DATASET CONTENT.
..............................

Lemma afw_weights t : conv_weights m a (alpha t) (x t).
Proof.
  induction t as [|t IH].
  - destruct (proj1 Hrun) as [i0 [Hi0 [Hx0 Hal0]]].
    rewrite Hx0, <- (lincomb_delta m i0 a Hi0). repeat split.
    + intros i Hi. rewrite Hal0. destruct (Nat.eqb_spec i i0); [lia|auto].
    + intros i Hi. rewrite Hal0. destruct (Nat.eqb i i0); lra.
    + rewrite (sumR_ext m _ _ (fun i _ => Hal0 i)). exact (sumR_delta m i0 (fun _ => 1) Hi0).
    + f_equal. extensionality i. auto.
  - pose proof IH as [_ [H1 _]]. pose proof (afw_step_range t) as Hg.
    pose proof (afw_weights_next t) as Hal. pose proof (afw_iterate_next t) as Hx.
    unfold dirn, gmax in Hx, Hg. destruct (fw t) eqn:Efw.
    + apply (conv_weights_affine_update _ _ _ _ _ _ (1 - gamma t) (s t) (proj1 (afw_fw_atom t)) IH).
      * intros i. rewrite Hal. destruct (Nat.eqb i (s t)); ring.
      * intros i Hi. rewrite Hal. pose proof (H1 i Hi). destruct (Nat.eqb i (s t)); nra.
      * rewrite Hx. extensionality k. unfold vadd, vscal, vsub. ring.
    + pose proof (away_weight_lt1 t IH Efw) as Hav.
      apply (conv_weights_affine_update _ _ _ _ _ _ (1 + gamma t) (v t) (proj1 (afw_away_atom t)) IH).
      * intros i. rewrite Hal. destruct (Nat.eqb i (v t)); ring.
      * intros i Hi. rewrite Hal. pose proof (H1 i Hi).
        destruct (Nat.eqb_spec i (v t)) as [->|]; [|nra].
        assert (gamma t * (1 - alpha t (v t)) <= alpha t (v t)).
        { assert (alpha t (v t) / (1 - alpha t (v t)) * (1 - alpha t (v t)) = alpha t (v t))
            by (field; lra). nra. }
        nra.
      * rewrite Hx. extensionality k. unfold vadd, vscal, vsub. ring.
Qed.

Lemma afw_in_conv t : in_conv m a (x t).
Proof. exact (conv_weights_in_conv _ _ _ _ (afw_weights t)). Qed.

Lemma supp_fw_step t : fw t = true ->
  (supp_size m (alpha (S t)) <= supp_size m (alpha t) + 1)%nat.
Proof.
  intros Efw. pose proof (afw_weights t) as [_ [H1 _]]. pose proof (afw_step_range t) as Hg.
  unfold gmax in Hg. rewrite Efw in Hg.
  apply countN_le_add1 with (s t). intros i Hi.
  rewrite afw_weights_next, Efw. pose proof (H1 i Hi).
  destruct (Nat.eqb_spec i (s t)); auto. left.
  destruct (Rlt_dec 0 (alpha t i)); auto. destruct (Rlt_dec 0 _); auto. nra.
Qed.
Lemma recursive_prec n f g (h : list nat -> nat) : recursive n f -> recursive (S (S n)) g ->
  (forall w, length w = n -> h (0 :: w) = f w) ->
  (forall k w, length w = n -> h (S k :: w) = g (k :: h (k :: w) :: w)) ->
  recursive (S n) h.
Proof.
  intros [cf Hf] [cg Hg] H0 HS. exists (RPrec cf cg).
  intros [|x w] Hv; [discriminate|]. injection Hv as Hw.
  induction x.
  - rewrite H0 by exact Hw. constructor. auto.
  - rewrite HS by exact Hw. econstructor; [exact IHx|]. apply Hg. simpl. lia.
Qed.

Ltac destruct_args :=
  let v := fresh "v" in let Hv := fresh "Hv" in
  intros v Hv; repeat (destruct v as [|? v]; simpl in Hv; try discriminate);
  unfold arg; simpl.

Lemma recursive_add n f g : recursive n f -> recursive n g -> recursive n (fun v => f v + g v).
Proof.
  apply (recursive_comp2 n (fun v => arg 0 v + arg 1 v)).
  apply (recursive_prec 1 (arg 0) (fun v => S (arg 1 v))).
  - apply recursive_arg; lia.
  - apply recursive_succ, recursive_arg; lia.
  - destruct_args. reflexivity.
  - intros k. destruct_args. reflexivity.
Qed.

Lemma recursive_mul n f g : recursive n f -> recursive n g -> recursive n (fun v => f v * g v).
Proof.
  apply (recursive_comp2 n (fun v => arg 0 v * arg 1 v)).
  apply (recursive_prec 1 (fun _ => 0) (fun v => arg 1 v + arg 2 v)).
  - apply recursive_zero.
  - apply recursive_add; apply recursive_arg; lia.
  - destruct_args. reflexivity.
  - intros k. destruct_args. lia.
Qed.

Lemma recursive_pred n f : recursive n f -> recursive n (fun v => pred (f v)).
Proof.
  apply (recursive_comp1 n (fun v => pred (arg 0 v))).
  apply (recursive_prec 0 (fun _ => 0) (arg 0)).
  - apply recursive_zero.
  - apply recursive_arg; lia.
  - destruct_args. reflexivity.
  - intros k. destruct_args. reflexivity.
Qed.

Lemma recursive_sub n f g : recursive n f -> recursive n g -> recursive n (fun v => f v - g v).
Proof.
  intros Hf Hg.
  assert (Hrsub : recursive 2 (fun v => arg 1 v - arg 0 v)).
  { apply (recursive_prec 1 (arg 0) (fun v => pred (arg 1 v))).
    - apply recursive_arg; lia.
    - apply recursive_pred, recursive_arg; lia.
    - destruct_args. lia.
    - intros k. destruct_args. lia. }
  exact (recursive_comp2 n _ g f Hrsub Hg Hf).
Qed.

Lemma recursive_ifz n f g h : recursive n f -> recursive n g -> recursive n h ->
  recursive n (fun v => match f v with O => g v | S _ => h v end).
Proof.
  apply (recursive_comp3 n (fun v => match arg 0 v with O => arg 1 v | S _ => arg 2 v end)).
  apply (recursive_prec 2 (arg 0) (arg 3)).
  - apply recursive_arg; lia.
  - apply recursive_arg; lia.
  - destruct_args. reflexivity.
  - intros k. destruct_args. reflexivity.
Qed.

Lemma recursive_if_le n f g h k :
  recursive n f -> recursive n g -> recursive n h -> recursive n k ->
  recursive n (fun v => if f v <=? g v then h v else k v).
Proof.
  intros Hf Hg Hh Hk.
  eapply recursive_ext; [apply (recursive_ifz n (fun v => f v - g v) h k); auto|].
  - apply recursive_sub; auto.
  - intros v _. destruct (Nat.leb_spec (f v) (g v)).
    + replace (f v - g v) with 0 by lia. reflexivity.
    + destruct (f v - g v) eqn:E; [lia | reflexivity].
Qed.

Lemma recursive_odd n f : recursive n f -> recursive n (fun v => Nat.b2n (Nat.odd (f v))).
Proof.
  apply (recursive_comp1 n (fun v => Nat.b2n (Nat.odd (arg 0 v)))).
  apply (recursive_prec 0 (fun _ => 0) (fun v => 1 - arg 1 v)).
  - apply recursive_zero.
  - apply recursive_sub; [apply recursive_const | apply recursive_arg; lia].
  - destruct_args. reflexivity.
  - intros k. destruct_args.
    rewrite Nat.odd_succ, <- Nat.negb_odd. destruct (Nat.odd k); reflexivity.
Qed.
(* Let $Q$ be an automorphic loop of nilpotency class $2$. Then $(ab,c,d)=(a,c,d)(b,c,d)$, $(a,bc,d)=(a,b,d)(a,c,d)$, and $(a,b,cd)=(a,b,c)(a,b,d)$ for every $a,b,c,d\in Q$.
   Context: A loop is a set with a binary operation such that all left and right translations $L_a:b\mapsto ab$, $R_a:b\mapsto ba$ are bijections and there is a two-sided identity $1$. The inner mapping group is the stabilizer of $1$ in the group generated by all translations; $Q$ is automorphic if all inner mappings are automorphisms. The associator $(a,b,c)$ is defined by $(ab)c=(a(bc))(a,b,c)$. The center $Z(Q)$ is the set of elements fixed by all inner mappings; $Z_0=1$, $Z_{i+1}(Q)$ is the preimage of $Z(Q/Z_i(Q))$, and $Q$ has nilpotency class $n$ if $Z_{n-1}(Q)\neq Q=Z_n(Q)$. *)

From Stdlib Require Import ClassicalEpsilon.

Set Implicit Arguments.

Record lops := LOps {
  lcar :> Type;
  lmul : lcar -> lcar -> lcar;
  lldiv : lcar -> lcar -> lcar;   (* a \ b : the unique x with a x = b *)
  lrdiv : lcar -> lcar -> lcar;   (* b / a : the unique x with x a = b *)
  lone : lcar
}.

Arguments lmul {l} _ _.
Arguments lldiv {l} _ _.
Arguments lrdiv {l} _ _.
Arguments lone {l}.

Definition is_loop (Q : lops) : Prop :=
  (forall a b : Q, lmul a (lldiv a b) = b) /\
  (forall a b : Q, lldiv a (lmul a b) = b) /\
  (forall a b : Q, lmul (lrdiv b a) a = b) /\
  (forall a b : Q, lrdiv (lmul b a) a = b) /\
  (forall a : Q, lmul lone a = a) /\
  (forall a : Q, lmul a lone = a).

(* The multiplication group: the group of permutations generated by all
   left and right translations (generated as a monoid by the translations
   and their inverses). *)
Inductive mlt (Q : lops) : (Q -> Q) -> Prop :=
  | mlt_id : mlt Q (fun x => x)
  | mlt_L a f : mlt Q f -> mlt Q (fun x => lmul a (f x))
  | mlt_R a f : mlt Q f -> mlt Q (fun x => lmul (f x) a)
  | mlt_Linv a f : mlt Q f -> mlt Q (fun x => lldiv a (f x))
  | mlt_Rinv a f : mlt Q f -> mlt Q (fun x => lrdiv (f x) a).
Arguments mlt {Q} _.

Definition inner {Q : lops} (f : Q -> Q) : Prop := mlt f /\ f lone = lone.

(* Automorphic loop: every inner mapping is an automorphism
   (inner mappings are bijections, being in the multiplication group). *)
Definition automorphic (Q : lops) : Prop :=
  forall f : Q -> Q, inner f -> forall x y : Q, f (lmul x y) = lmul (f x) (f y).

Definition center {Q : lops} (x : Q) : Prop := forall f : Q -> Q, inner f -> f x = x.

(* Quotient Q/N: carrier = left cosets xN, operations via representatives. *)
Section Quotient.
Variables (Q : lops) (N : Q -> Prop).

Definition coset (x : Q) : Q -> Prop := fun z => exists n, N n /\ z = lmul x n.

Definition qcar : Type := {C : Q -> Prop | exists x, C = coset x}.

Definition qclass (x : Q) : qcar := exist _ (coset x) (ex_intro _ x eq_refl).

Definition qrep (C : qcar) : Q :=
  proj1_sig (constructive_indefinite_description _ (proj2_sig C)).

Definition quot : lops :=
  @LOps qcar
    (fun C D => qclass (lmul (qrep C) (qrep D)))
    (fun C D => qclass (lldiv (qrep C) (qrep D)))
    (fun C D => qclass (lrdiv (qrep C) (qrep D)))
    (qclass lone).
End Quotient.

Fixpoint zcent (Q : lops) (i : nat) : Q -> Prop :=
  match i with
  | 0 => fun x => x = lone
  | S i => fun x => @center (@quot Q (zcent Q i)) (@qclass Q (zcent Q i) x)
  end.

Definition nilpotency_class (Q : lops) (n : nat) : Prop :=
  (exists x : Q, ~ zcent Q (Nat.pred n) x) /\ (forall x : Q, zcent Q n x).

(* Associator: (ab)c = (a(bc)) (a,b,c). *)
Definition associator {Q : lops} (a b c : Q) : Q :=
  lldiv (lmul a (lmul b c)) (lmul (lmul a b) c).

(** Class 2 means that every inner mapping [g] moves each [x] by a central
    element: [g x = x k(x)].  As [g] is an automorphism and [k] takes central
    values, [k] is a homomorphism into the center.  Each associator, viewed as a
    function of one argument with the other two fixed, is [k] (or its inverse)
    for a suitable inner mapping, hence it is multiplicative in that argument. *)

From Stdlib Require Import FunctionalExtensionality PropExtensionality ProofIrrelevance ClassicalEpsilon.

Section Loop.
Variable Q : lops.
Hypothesis loopQ : is_loop Q.

Lemma lmul_ldiv (a b : Q) : lmul a (lldiv a b) = b.
Proof. apply loopQ. Qed.

Lemma lldiv_mul (a b : Q) : lldiv a (lmul a b) = b.
Proof. apply loopQ. Qed.

Lemma lmul_rdiv (a b : Q) : lmul (lrdiv b a) a = b.
Proof. apply loopQ. Qed.

Lemma lrdiv_mul (a b : Q) : lrdiv (lmul b a) a = b.
Proof. apply loopQ. Qed.

Lemma lmul1l (a : Q) : lmul lone a = a.
Proof. apply loopQ. Qed.

Lemma lmul1r (a : Q) : lmul a lone = a.
Proof. apply loopQ. Qed.

Lemma lmul_injl (a b c : Q) : lmul a b = lmul a c -> b = c.
Proof. intros E. rewrite <- (lldiv_mul a b), E. apply lldiv_mul. Qed.

Lemma lmul_injr (a b c : Q) : lmul b a = lmul c a -> b = c.
Proof. intros E. rewrite <- (lrdiv_mul a b), E. apply lrdiv_mul. Qed.

Lemma lldiv_self (a : Q) : lldiv a a = lone.
Proof. rewrite <- (lmul1r a) at 2. apply lldiv_mul. Qed.

Lemma lrdiv_self (a : Q) : lrdiv a a = lone.
Proof. rewrite <- (lmul1l a) at 1. apply lrdiv_mul. Qed.

(** A fixed point of [tinner x] commutes with [x]; fixed points of [rinner],
    [minner], [linner] associate in the left, middle, right position. *)

Definition tinner (x z : Q) : Q := lldiv x (lmul z x).
Definition rinner (x y z : Q) : Q := lrdiv (lmul (lmul z x) y) (lmul x y).
Definition minner (x y z : Q) : Q := lrdiv (lldiv x (lmul (lmul x z) y)) y.
Definition linner (x y z : Q) : Q := lldiv (lmul x y) (lmul x (lmul y z)).

Lemma inner_tinner (x : Q) : inner (tinner x).
Proof. split; [repeat constructor|]. unfold tinner. rewrite lmul1l. apply lldiv_self. Qed.

Lemma inner_rinner (x y : Q) : inner (rinner x y).
Proof. split; [repeat constructor|]. unfold rinner. rewrite lmul1l. apply lrdiv_self. Qed.

Lemma inner_minner (x y : Q) : inner (minner x y).
Proof.
  split; [repeat constructor|]. unfold minner.
  rewrite lmul1r, lldiv_mul. apply lrdiv_self.
Qed.

Lemma inner_linner (x y : Q) : inner (linner x y).
Proof. split; [repeat constructor|]. unfold linner. rewrite lmul1r. apply lldiv_self. Qed.

Lemma center1 : center (@lone Q).
Proof. intros f [_ f1]. exact f1. Qed.

Section Central.
Variable z : Q.
Hypothesis zC : center z.

Lemma center_mulC (a : Q) : lmul z a = lmul a z.
Proof.
  rewrite <- (zC _ (inner_tinner a)) at 2. unfold tinner. now rewrite lmul_ldiv.
Qed.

..............................

PROBLEM DESCRIPTION. Only the lines from the first line of the records through the line containing "(fun _ => 1) Hi0)." should be repeated, exactly as they appear.

COMPLETED EXERCISE.
Lemma afw_weights t : conv_weights m a (alpha t) (x t).
Proof.
  induction t as [|t IH].
  - destruct (proj1 Hrun) as [i0 [Hi0 [Hx0 Hal0]]].
    rewrite Hx0, <- (lincomb_delta m i0 a Hi0). repeat split.
    + intros i Hi. rewrite Hal0. destruct (Nat.eqb_spec i i0); [lia|auto].
    + intros i Hi. rewrite Hal0. destruct (Nat.eqb i i0); lra.
    + rewrite (sumR_ext m _ _ (fun i _ => Hal0 i)). exact (sumR_delta m i0 (fun _ => 1) Hi0).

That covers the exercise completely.